## DIRECTIONS
Each line in the records below, from the one that contains "sqnorm2 (y - (X" to the one that contains "Variables (n q", should be reproduced exactly, the first and last included.

Start of Block

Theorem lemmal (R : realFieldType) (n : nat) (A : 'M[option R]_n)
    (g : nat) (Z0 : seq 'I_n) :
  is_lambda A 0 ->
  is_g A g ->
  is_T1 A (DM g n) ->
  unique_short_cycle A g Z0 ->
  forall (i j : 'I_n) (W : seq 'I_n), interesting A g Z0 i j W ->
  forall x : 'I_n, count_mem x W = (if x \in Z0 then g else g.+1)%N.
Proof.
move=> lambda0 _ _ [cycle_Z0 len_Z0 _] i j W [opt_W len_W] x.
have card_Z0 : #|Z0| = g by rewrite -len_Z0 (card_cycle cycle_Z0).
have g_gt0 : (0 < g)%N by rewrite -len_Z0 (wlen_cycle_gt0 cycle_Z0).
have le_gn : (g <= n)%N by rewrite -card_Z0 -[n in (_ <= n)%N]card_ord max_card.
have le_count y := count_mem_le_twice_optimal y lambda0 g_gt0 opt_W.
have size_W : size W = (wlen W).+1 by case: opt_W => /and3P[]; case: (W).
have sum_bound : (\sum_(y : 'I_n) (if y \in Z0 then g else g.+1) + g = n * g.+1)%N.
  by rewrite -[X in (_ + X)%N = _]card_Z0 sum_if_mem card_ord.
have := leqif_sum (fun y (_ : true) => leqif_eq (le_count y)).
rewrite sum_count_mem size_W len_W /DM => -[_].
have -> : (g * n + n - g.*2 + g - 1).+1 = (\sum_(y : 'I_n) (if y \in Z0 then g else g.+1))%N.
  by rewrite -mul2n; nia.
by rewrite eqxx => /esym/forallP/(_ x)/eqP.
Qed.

End of Block
Start of Block

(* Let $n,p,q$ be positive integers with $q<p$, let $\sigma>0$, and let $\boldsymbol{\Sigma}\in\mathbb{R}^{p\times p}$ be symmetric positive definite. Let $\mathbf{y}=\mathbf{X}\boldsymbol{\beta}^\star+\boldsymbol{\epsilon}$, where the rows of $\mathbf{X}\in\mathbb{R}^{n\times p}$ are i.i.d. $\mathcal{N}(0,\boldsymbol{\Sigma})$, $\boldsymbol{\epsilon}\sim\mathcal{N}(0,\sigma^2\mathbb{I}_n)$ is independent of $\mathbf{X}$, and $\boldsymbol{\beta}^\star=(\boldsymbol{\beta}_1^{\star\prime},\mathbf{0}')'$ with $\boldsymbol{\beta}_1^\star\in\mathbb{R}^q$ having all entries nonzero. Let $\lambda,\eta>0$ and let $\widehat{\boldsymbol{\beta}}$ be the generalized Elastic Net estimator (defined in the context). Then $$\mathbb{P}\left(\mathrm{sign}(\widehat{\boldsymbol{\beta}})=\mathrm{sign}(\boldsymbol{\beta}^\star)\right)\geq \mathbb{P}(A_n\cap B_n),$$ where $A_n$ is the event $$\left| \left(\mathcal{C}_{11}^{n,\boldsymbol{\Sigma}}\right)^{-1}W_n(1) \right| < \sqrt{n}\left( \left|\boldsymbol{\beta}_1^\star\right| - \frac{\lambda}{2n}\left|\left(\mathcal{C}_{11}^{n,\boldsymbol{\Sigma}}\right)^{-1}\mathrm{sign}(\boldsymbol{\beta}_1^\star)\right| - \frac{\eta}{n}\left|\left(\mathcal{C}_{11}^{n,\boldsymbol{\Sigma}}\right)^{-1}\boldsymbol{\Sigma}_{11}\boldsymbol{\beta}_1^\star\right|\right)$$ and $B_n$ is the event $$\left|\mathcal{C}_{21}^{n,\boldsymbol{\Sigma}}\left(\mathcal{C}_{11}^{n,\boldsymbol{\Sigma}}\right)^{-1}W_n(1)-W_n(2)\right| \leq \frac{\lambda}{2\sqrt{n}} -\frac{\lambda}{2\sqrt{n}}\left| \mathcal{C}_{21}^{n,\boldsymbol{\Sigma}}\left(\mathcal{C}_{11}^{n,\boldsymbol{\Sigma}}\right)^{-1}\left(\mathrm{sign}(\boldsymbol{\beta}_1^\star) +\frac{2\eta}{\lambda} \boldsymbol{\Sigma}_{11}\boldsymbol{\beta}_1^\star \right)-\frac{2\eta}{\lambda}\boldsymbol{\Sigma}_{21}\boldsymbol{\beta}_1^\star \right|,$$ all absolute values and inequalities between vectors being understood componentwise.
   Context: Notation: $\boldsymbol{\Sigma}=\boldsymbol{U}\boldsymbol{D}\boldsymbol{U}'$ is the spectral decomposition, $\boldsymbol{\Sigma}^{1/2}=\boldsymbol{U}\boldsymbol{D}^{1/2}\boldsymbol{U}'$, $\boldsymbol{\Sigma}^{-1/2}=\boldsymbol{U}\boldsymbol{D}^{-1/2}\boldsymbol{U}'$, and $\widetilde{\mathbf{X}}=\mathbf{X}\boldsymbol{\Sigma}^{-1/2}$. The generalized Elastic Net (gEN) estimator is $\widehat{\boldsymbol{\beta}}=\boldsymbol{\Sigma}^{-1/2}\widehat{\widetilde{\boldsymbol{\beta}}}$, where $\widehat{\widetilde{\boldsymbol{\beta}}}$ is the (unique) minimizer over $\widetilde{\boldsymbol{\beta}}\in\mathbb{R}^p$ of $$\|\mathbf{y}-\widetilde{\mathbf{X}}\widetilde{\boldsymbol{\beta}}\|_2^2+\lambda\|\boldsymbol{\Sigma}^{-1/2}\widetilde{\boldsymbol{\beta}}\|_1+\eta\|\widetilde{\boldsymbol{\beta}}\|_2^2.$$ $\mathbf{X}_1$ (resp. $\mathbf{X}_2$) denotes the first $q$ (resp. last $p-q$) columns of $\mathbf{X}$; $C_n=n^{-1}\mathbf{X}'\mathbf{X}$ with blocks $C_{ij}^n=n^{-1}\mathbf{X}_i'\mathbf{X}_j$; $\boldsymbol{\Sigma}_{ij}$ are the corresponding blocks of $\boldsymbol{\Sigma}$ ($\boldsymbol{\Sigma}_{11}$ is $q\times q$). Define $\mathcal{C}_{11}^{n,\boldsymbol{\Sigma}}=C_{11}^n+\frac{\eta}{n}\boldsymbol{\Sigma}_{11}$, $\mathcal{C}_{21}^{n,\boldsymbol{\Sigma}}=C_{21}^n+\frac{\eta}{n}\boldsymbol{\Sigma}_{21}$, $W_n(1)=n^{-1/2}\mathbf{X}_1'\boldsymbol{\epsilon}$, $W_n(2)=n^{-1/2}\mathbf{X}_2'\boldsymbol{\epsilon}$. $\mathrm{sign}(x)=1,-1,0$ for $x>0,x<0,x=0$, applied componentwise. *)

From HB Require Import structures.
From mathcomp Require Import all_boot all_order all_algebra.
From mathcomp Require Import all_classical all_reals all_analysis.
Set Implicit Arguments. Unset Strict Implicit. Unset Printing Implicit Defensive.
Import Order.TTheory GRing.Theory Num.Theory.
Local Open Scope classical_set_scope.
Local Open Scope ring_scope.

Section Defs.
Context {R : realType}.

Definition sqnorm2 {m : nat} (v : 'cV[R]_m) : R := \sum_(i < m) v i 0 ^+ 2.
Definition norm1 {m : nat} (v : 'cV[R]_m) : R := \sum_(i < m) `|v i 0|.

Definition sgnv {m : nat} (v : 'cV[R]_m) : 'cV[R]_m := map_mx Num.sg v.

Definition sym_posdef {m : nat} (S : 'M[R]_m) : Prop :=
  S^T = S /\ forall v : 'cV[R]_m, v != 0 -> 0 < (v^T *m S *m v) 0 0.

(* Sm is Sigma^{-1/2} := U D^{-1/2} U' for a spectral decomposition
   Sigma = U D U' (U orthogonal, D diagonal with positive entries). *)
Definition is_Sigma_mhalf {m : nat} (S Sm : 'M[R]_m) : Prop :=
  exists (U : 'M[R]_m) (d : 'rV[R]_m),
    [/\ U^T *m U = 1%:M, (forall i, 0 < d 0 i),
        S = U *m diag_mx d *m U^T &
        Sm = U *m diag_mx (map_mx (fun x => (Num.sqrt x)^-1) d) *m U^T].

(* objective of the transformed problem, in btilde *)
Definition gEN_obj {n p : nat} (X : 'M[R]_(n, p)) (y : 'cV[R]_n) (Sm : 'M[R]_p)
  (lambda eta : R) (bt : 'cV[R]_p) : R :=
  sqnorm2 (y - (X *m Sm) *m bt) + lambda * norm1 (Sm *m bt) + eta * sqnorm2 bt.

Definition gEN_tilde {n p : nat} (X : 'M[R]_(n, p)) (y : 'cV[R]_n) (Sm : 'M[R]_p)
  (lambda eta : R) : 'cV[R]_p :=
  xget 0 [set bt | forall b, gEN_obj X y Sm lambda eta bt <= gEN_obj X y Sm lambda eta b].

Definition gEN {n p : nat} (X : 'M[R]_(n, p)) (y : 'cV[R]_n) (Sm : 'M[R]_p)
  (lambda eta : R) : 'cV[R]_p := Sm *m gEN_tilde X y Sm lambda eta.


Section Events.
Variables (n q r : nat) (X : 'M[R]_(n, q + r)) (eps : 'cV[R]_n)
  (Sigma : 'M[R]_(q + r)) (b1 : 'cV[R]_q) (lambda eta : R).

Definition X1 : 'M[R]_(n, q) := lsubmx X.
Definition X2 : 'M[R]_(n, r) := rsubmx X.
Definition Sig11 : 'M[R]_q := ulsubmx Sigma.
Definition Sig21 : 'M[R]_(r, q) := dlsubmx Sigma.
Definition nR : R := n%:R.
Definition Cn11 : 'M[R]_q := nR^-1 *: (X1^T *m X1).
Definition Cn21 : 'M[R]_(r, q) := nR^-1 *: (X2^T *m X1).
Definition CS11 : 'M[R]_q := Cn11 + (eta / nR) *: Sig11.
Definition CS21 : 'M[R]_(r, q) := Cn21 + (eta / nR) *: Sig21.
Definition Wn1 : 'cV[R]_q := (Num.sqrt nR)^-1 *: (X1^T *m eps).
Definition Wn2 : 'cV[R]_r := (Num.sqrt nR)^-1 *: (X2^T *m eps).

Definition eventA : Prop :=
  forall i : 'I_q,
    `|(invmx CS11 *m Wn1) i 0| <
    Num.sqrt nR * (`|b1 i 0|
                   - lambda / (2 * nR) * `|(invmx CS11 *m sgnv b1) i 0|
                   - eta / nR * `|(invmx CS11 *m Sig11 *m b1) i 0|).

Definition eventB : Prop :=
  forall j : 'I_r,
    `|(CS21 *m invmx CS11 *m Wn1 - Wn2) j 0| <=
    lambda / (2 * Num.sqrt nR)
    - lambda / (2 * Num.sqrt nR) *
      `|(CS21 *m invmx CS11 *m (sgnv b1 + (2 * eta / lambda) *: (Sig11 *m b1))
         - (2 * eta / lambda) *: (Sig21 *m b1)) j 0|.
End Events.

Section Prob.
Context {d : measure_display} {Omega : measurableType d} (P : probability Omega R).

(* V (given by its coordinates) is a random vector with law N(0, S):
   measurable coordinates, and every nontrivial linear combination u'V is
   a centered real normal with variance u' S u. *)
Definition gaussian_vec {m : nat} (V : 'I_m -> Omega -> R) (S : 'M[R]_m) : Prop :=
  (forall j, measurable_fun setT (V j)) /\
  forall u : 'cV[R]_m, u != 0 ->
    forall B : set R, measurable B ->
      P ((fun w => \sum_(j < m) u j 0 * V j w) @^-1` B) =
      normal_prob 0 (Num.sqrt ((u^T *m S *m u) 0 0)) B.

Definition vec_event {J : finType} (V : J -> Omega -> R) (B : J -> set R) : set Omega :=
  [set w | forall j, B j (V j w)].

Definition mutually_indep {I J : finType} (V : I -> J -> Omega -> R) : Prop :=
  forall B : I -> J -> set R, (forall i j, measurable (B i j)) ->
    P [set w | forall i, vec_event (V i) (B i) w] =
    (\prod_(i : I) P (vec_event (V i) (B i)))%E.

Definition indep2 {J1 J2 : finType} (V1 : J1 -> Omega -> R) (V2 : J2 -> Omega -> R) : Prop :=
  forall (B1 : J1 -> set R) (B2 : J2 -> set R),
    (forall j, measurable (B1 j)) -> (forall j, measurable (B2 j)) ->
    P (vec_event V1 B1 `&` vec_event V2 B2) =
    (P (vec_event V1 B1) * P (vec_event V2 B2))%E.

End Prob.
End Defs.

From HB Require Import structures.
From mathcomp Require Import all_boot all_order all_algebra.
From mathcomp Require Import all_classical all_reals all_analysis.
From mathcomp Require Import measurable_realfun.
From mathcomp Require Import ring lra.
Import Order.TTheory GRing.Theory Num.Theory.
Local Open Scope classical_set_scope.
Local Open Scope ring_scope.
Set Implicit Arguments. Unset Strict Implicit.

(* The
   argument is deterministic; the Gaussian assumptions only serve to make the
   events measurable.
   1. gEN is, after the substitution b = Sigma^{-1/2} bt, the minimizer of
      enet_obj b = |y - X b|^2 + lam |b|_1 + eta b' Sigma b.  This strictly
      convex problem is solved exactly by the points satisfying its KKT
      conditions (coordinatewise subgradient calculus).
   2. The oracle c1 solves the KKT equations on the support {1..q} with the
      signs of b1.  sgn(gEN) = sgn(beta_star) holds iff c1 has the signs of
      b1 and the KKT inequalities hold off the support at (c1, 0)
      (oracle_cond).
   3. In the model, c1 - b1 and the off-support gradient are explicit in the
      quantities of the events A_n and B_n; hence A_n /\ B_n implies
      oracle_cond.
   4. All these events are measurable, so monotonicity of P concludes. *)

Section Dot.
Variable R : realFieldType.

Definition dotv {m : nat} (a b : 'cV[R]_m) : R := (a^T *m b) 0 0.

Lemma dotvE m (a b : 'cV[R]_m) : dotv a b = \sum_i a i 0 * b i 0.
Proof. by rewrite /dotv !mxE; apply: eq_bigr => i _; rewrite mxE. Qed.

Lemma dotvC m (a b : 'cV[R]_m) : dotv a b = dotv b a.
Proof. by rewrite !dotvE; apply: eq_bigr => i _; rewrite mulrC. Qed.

End of Block

## EXERCISE OUTPUT
  sqnorm2 (y - (X *m Sm) *m bt) + lambda * norm1 (Sm *m bt) + eta * sqnorm2 bt.

Definition gEN_tilde {n p : nat} (X : 'M[R]_(n, p)) (y : 'cV[R]_n) (Sm : 'M[R]_p)
  (lambda eta : R) : 'cV[R]_p :=
  xget 0 [set bt | forall b, gEN_obj X y Sm lambda eta bt <= gEN_obj X y Sm lambda eta b].

Definition gEN {n p : nat} (X : 'M[R]_(n, p)) (y : 'cV[R]_n) (Sm : 'M[R]_p)
  (lambda eta : R) : 'cV[R]_p := Sm *m gEN_tilde X y Sm lambda eta.


Section Events.
Variables (n q r : nat) (X : 'M[R]_(n, q + r)) (eps : 'cV[R]_n)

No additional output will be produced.